To be successful in the stockmarket we must buy low and sell high. Sure, dividends are a great bonus of investing in strong companies but they shouldn't be the focal point of your strategy.
However by buying and holding quality growth stocks, savvy investors can take advantage of both increasing earnings and dividends per share. Here are five companies you could consider adding to your portfolio today.
1. Shine Corporate Ltd (ASX: SHJ)
Shine is a small-cap law firm which recently listed on the ASX. From humble beginnings in Queensland, Shine has expanded its footprint throughout much of the country with a total of 39 offices. Following in the footsteps of its larger counterpart Slater & Gordon Limited (ASX: SGH), it has a long growth runway ahead.

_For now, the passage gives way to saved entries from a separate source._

Lemma tangent_disk_Cmod : Cmod w <= Rabs a + 2 * rho.
Proof.
  pose proof tangent_disk_Re as HR. pose proof tangent_disk_Im as HI.
  unfold tangent_disk in Hw. destruct w as [x y]. unfold Cmod, Re, Im in *; simpl in *.
  rewrite <- (sqrt_Rsqr (Rabs a + 2 * rho)) by (pose proof (Rabs_pos a); lra).
  apply sqrt_le_1_alt. unfold Rsqr.
  assert (Hax : a * (x - a) <= Rabs a * rho).
  { apply Rle_trans with (Rabs (a * (x - a))); [apply Rle_abs|].
    rewrite Rabs_mult. apply Rmult_le_compat_l; [apply Rabs_pos | lra]. }
  assert (Haa : a * a = Rabs a * Rabs a) by (rewrite <- Rabs_mult; symmetry; apply Rabs_right; nra).
  assert ((x - a) * (x - a) + y * y <= 4 * rho * rho) by nra.
  replace (x * (x * 1) + y * (y * 1))
    with ((x - a) * (x - a) + y * y + 2 * (a * (x - a)) + a * a) by ring.
  replace ((Rabs a + 2 * rho) * (Rabs a + 2 * rho))
    with (4 * rho * rho + 4 * (Rabs a * rho) + Rabs a * Rabs a) by ring.
  pose proof (Rmult_le_pos _ _ (Rabs_pos a) Hrho). lra.
Qed.

Lemma tangent_disk_cone : a <> 0 -> rho <= Rabs a / 4 -> Re w <> 0 /\ Rabs (Im w) <= Rabs (Re w).
Proof.
  intros Ha Hra. pose proof tangent_disk_Re as HR. pose proof tangent_disk_Im as HI.
  assert (Hx : Rabs a - Rabs (Re w) <= rho).
  { pose proof (Rabs_triang_inv a (Re w)). rewrite Rabs_minus_sym in HR. lra. }
  assert (Hy : Rabs (Im w) <= 2 * rho) by (apply Rabs_le; lra).
  pose proof (Rabs_pos_lt a Ha). split.
  - intro E. rewrite E, Rabs_R0 in Hx. lra.
  - lra.
Qed.

End TangentDisk.

Lemma tangent_disk_Copp_Cinv a rho w : a <> 0 -> tangent_disk a rho w ->
  tangent_disk (- / a) (rho / (a * a)) (Copp (Cinv w)).
Proof.
  destruct w as [x y]. unfold tangent_disk, Re, Im; simpl. intros Ha Hw.
  assert (Ha2 : 0 < a * a) by nra.
  assert (Hs : 0 < x * x + y * y).
  { destruct (Rle_lt_dec (x * x + y * y) 0) as [H0 | H0]; [|exact H0].
    assert (x = 0) by nra. assert (y = 0) by nra. subst. nra. }
  replace (x * (x * 1) + y * (y * 1)) with (x * x + y * y) by ring.
  set (s := x * x + y * y) in *.
  (* Inversion rescales the defining inequality by the positive factor [1 / (a² s)]. *)
  assert (Key : (- (x / s) - - / a) * (- (x / s) - - / a)
                + (- (- y / s) + rho / (a * a)) * (- (- y / s) + rho / (a * a))
                - rho / (a * a) * (rho / (a * a))
              = ((x - a) * (x - a) + (y + rho) * (y + rho) - rho * rho) / (a * a * s)).
  { unfold s. field. split; [unfold s in Hs; lra | lra]. }
  assert (Hneg : ((x - a) * (x - a) + (y + rho) * (y + rho) - rho * rho) / (a * a * s) <= 0).
  { unfold Rdiv. apply Rmult_le_0_r; [lra|]. left. apply Rinv_0_lt_compat. nra. }
  lra.
Qed.

Lemma tangent_disk_sub_real a rho u t :
  tangent_disk a rho u -> tangent_disk (a - t) rho (Cminus u (RtoC t)).
Proof.
  destruct u as [x y]. unfold tangent_disk, Re, Im, Cminus, Cplus, Copp, RtoC; simpl.
  replace (x + - t - (a - t)) with (x - a) by ring.
  replace (y + - 0 + rho) with (y + rho) by ring. auto.
Qed.

(* The smallness hypothesis keeps the image disk inside the strip on which [nint] is constant. *)
Lemma G_tangent_disk a rho w :
  a <> 0 -> 0 <= rho -> tangent_disk a rho w ->
  Rabs (- / a - IZR (nint (- / a))) + rho / (a * a) < /2 ->
  tangent_disk (- / a - IZR (nint (- / a))) (rho / (a * a)) (G w).
Proof.
  intros Ha Hrho Hw Hsmall.
  set (A := nint (- / a)) in *.
  assert (Hrho' : 0 <= rho / (a * a)).
  { apply Rmult_le_pos; [exact Hrho | left; apply Rinv_0_lt_compat; nra]. }
  pose proof (tangent_disk_Copp_Cinv a rho w Ha Hw) as Hu.
  pose proof (tangent_disk_Re _ _ _ Hrho' Hu) as Hre.
  assert (HA : nint (Re (Copp (Cinv w))) = A).
  { replace (Re (Copp (Cinv w)))
      with (IZR A + ((Re (Copp (Cinv w)) - - / a) + (- / a - IZR A))) by ring.
    apply nint_add_small. eapply Rle_lt_trans; [apply Rabs_triang | lra]. }
  unfold G. rewrite HA. apply tangent_disk_sub_real. exact Hu.
Qed.

Lemma atan_le x y : x <= y -> atan x <= atan y.
Proof.
  intros H. destruct (Rle_lt_or_eq_dec _ _ H) as [Hlt | ->].
  - left. apply atan_increasing, Hlt.
  - right. reflexivity.
Qed.
(* Let $\lambda\ge1$ and $\phi=e^{\lambda\psi}$. There exist $h_1=h_1(\lambda)>0$ and $C_\lambda>0$ such that for all $0<h\le h_1$, all $\tau>0$, $0<\delta<1/2$, $\Delta t>0$, and every fully-discrete function $z=(z^{n+1/2})_{n=0}^M$ with $z^{n+1/2}_0=z^{n+1/2}_{N+1}=0$, writing $s=\tau\theta$, $$ \begin{aligned} \tau\lambda^2\iint_Q\bar{\mathtt t}^-(\theta)\phi|\partial_h\bar{\mathtt t}^-z|^2&\ge\tau\lambda^2\iint_Q\bar{\mathtt t}^-(\theta)\phi|\overline{\partial_h\bar{\mathtt t}^-z}|^2+\frac{h^2\tau\lambda^2}{4}\iint_Q\bar{\mathtt t}^-(\theta)\phi|\Delta_h\bar{\mathtt t}^-z|^2\\ &\quad-C_\lambda h^2\iint_Q\bar{\mathtt t}^-(s)|\partial_h\bar{\mathtt t}^-z|^2-C_\lambda\iint_Q\bar{\mathtt t}^-(sh)|\overline{\partial_h\bar{\mathtt t}^-z}|^2-C_\lambda h^4\iint_Q\bar{\mathtt t}^-(s)|\Delta_h\bar{\mathtt t}^-z|^2. \end{aligned} $$ (In the first integral $\phi$ is sampled at the dual points $x_{i+1/2}$, in the others at the primal points $x_i$.)
   Context: Grids: $\Omega=(0,L)$, $h=L/(N+1)$, $\Delta t=T/M$, $x_i=ih$, $x_{i+1/2}=(i+\frac12)h$, $t_{n\pm1/2}=(n\pm\frac12)\Delta t$. For a primal space function $u$: $(\partial_hu)_{i+1/2}=(u_{i+1}-u_i)/h$ ($i=0,\dots,N$), $\overline{\partial_h u}_i=(u_{i+1}-u_{i-1})/(2h)$ and $(\Delta_hu)_i=(u_{i+1}-2u_i+u_{i-1})/h^2$ ($i=1,\dots,N$). $\int_\Omega$ of a primal function is $\sum_{i=1}^Nh u_i$, of a dual function $\sum_{i=0}^Nhv_{i+1/2}$. For $n=1,\dots,M$, $(\bar{\mathtt t}^-z)^n=z^{n-1/2}$ and $\bar{\mathtt t}^-(f)$ is a continuous $f$ evaluated at $t_{n-1/2}$; $\iint_QF=\sum_{n=1}^M\Delta t\int_\Omega F^n$. Weights: $\psi\in C^k(\overline{\tilde\Omega})$, $k$ large, positive on an open interval $\tilde\Omega\supset[0,L]$; $\theta(t)=1/((t+\delta T)(T+\delta T-t))$. *)

From Stdlib Require Import Reals.
From Coquelicot Require Import Coquelicot.
Open Scope R_scope.

Definition Ck_on (k : nat) (a b : R) (f : R -> R) : Prop :=
  (forall n, (n <= k)%nat -> forall x, a < x < b -> ex_derive_n f n x) /\
  (forall x, a < x < b -> continuous (Derive_n f k) x).

(* Space grid: primal points x_i = i h, dual points x_{i+1/2} = (i+1/2) h. *)
Definition xp (h : R) (i : nat) : R := INR i * h.
Definition xd (h : R) (i : nat) : R := (INR i + /2) * h.

(* (partial_h u)_{i+1/2}, stored at index i (i = 0..N) *)
Definition dh (h : R) (u : nat -> R) (i : nat) : R := (u (S i) - u i) / h.
Definition dhc (h : R) (u : nat -> R) (i : nat) : R := (u (S i) - u (i - 1)%nat) / (2 * h).
Definition lap (h : R) (u : nat -> R) (i : nat) : R :=
  (u (S i) - 2 * u i + u (i - 1)%nat) / (h ^ 2).

Definition pint (h : R) (N : nat) (u : nat -> R) : R := sum_n_m (fun i => h * u i) 1 N.
(* integral over Omega of a dual function (v i = v_{i+1/2}): sum_{i=0}^N h v_{i+1/2} *)
Definition dint (h : R) (N : nat) (v : nat -> R) : R := sum_n_m (fun i => h * v i) 0 N.
(* iint_Q F = sum_{n=1}^M dt (int_Omega F^n) ; here G n is int_Omega F^n *)
Definition tint (dt : R) (M : nat) (G : nat -> R) : R := sum_n_m (fun n => dt * G n) 1 M.

Definition tm (dt : R) (n : nat) : R := (INR n - /2) * dt.

Definition theta (T delta t : R) : R := / ((t + delta * T) * (T + delta * T - t)).

From Stdlib Require Import Reals Lra Lia.
From Coquelicot Require Import Coquelicot.
Open Scope R_scope.

(* Write d_i = (partial_h w)_{i+1/2}.  At a primal point the centered difference
   and the Laplacian are the mean and the scaled jump of d_{i-1} and d_i, so
     |dhc w|_i^2 + h^2/4 |lap w|_i^2 = (d_{i-1}^2 + d_i^2) / 2.
   Summing against a weight omega and shifting the index, the primal side equals
   sum_i (omega_i + omega_{i+1})/2 d_i^2 minus two nonnegative boundary terms,
   while the dual side is sum_i omega_{i+1/2} d_i^2.  For omega = exp(lam psi),
   which is C^2 on [0,L], the midpoint value exceeds the mean of the endpoint
   values up to D h^2 (mean value theorem), and the defect D h^2 sum d_i^2 is
   absorbed by the term C h^2 iint s |partial_h z|^2.  The estimate then holds
   at every time level and is summed in time; the two remaining error terms are
   nonnegative. *)

Lemma sum_n_m_le_loc (a b : nat -> R) (n m : nat) :
  (forall k, (n <= k <= m)%nat -> a k <= b k) -> sum_n_m a n m <= sum_n_m b n m.
Proof.
  revert n; induction m as [|m IHm]; intros n Hab.
  - destruct n.
    + rewrite !sum_n_n; apply Hab; lia.
    + rewrite !sum_n_m_zero by lia; apply Rle_refl.
  - destruct (Compare_dec.le_lt_dec n (S m)) as [Hn|Hn].
    + rewrite !sum_n_Sm by lia.
      apply Rplus_le_compat; [apply IHm | apply Hab]; intros; try apply Hab; lia.
    + rewrite !sum_n_m_zero by lia; apply Rle_refl.
Qed.

Lemma sum_n_m_nonneg (a : nat -> R) (n m : nat) :
  (forall k, (n <= k <= m)%nat -> 0 <= a k) -> 0 <= sum_n_m a n m.
Proof.
  intros Ha.
  assert (Hzero : sum_n_m (fun _ => 0) n m = 0) by exact (sum_n_m_const_zero n m).
  rewrite <- Hzero; apply sum_n_m_le_loc; exact Ha.
Qed.

(* Coquelicot's generic sum lemmas, restated at type R so that rewriting and
   the real-arithmetic tactics see plain real addition and multiplication. *)
Lemma sum_n_m_plusR (a b : nat -> R) (n m : nat) :
  sum_n_m (fun k => a k + b k) n m = sum_n_m a n m + sum_n_m b n m.
Proof. exact (sum_n_m_plus a b n m). Qed.

Lemma sum_n_m_scalR (c : R) (a : nat -> R) (n m : nat) :
  sum_n_m (fun k => c * a k) n m = c * sum_n_m a n m.
Proof. exact (sum_n_m_mult_l c a n m). Qed.

Lemma sum_n_m_ext_locR (a b : nat -> R) (n m : nat) :
  (forall k, (n <= k <= m)%nat -> a k = b k) -> sum_n_m a n m = sum_n_m b n m.
Proof. exact (sum_n_m_ext_loc a b n m). Qed.

Lemma sum_shift_pairs (P Q : nat -> R) (N : nat) :
  sum_n_m (fun i => P i + Q (i - 1)%nat) 1 N + P 0%nat + Q N
  = sum_n_m (fun i => P i + Q i) 0 N.
Proof.
  induction N as [|N IHN].
  - rewrite sum_n_m_zero by lia; rewrite sum_n_n; unfold zero; simpl; ring.
  - rewrite !sum_n_Sm by lia; unfold plus; simpl.
    rewrite <- IHN; replace (N - 0)%nat with N by lia; ring.
Qed.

2. Thorn Group Ltd (ASX: TGA)
Thorn Group is a leading provider of rental products and equipment finance for both business and private customers. It is the owner of brands such as Radio Rentals and Rentlo. Trading on a P/E ratio of just 11 it pays a 4.9% dividend.
3. Cash Converters International Ltd (ASX: CCV)
In addition to being a well-recognised pawn shop operator, Cashies' payday loans and cash advances are a big driver of revenues and earnings. Its shift to online loans is shaping up to have real growth potential, despite changes to lending laws in Australia. In addition its Carboodle business is growing rapidly. Trading on a P/E of 13, Cashies is a great buy at current prices.
4. Senex Energy Ltd (ASX: SXY)
Oil and gas producer Senex Energy is one of Australia's best resources stocks. With growing production, increasing reserves, excellent balance sheets and exploration blocks in some highly prospective areas, I believe it represents a great long-term buy at current prices. It trades on a P/E of 12.
5. RCG Corporation Limited (ASX: RCG)
As the owner of The Athlete's Foot, RCG uses its exclusive rights to distribute top branded footwear and apparel. Popular names include Merrell, Saucony, Cushe, Chaco and CAT. Trading on 15 times earnings it is forecast to pay an impressive 6.3% dividend.
Foolish takeaway
Each of these companies represent great buying opportunities and should make up part of any long-term growth portfolio. I already own four of the six companies mentioned in this article, but am strongly considering adding the other two in the near future.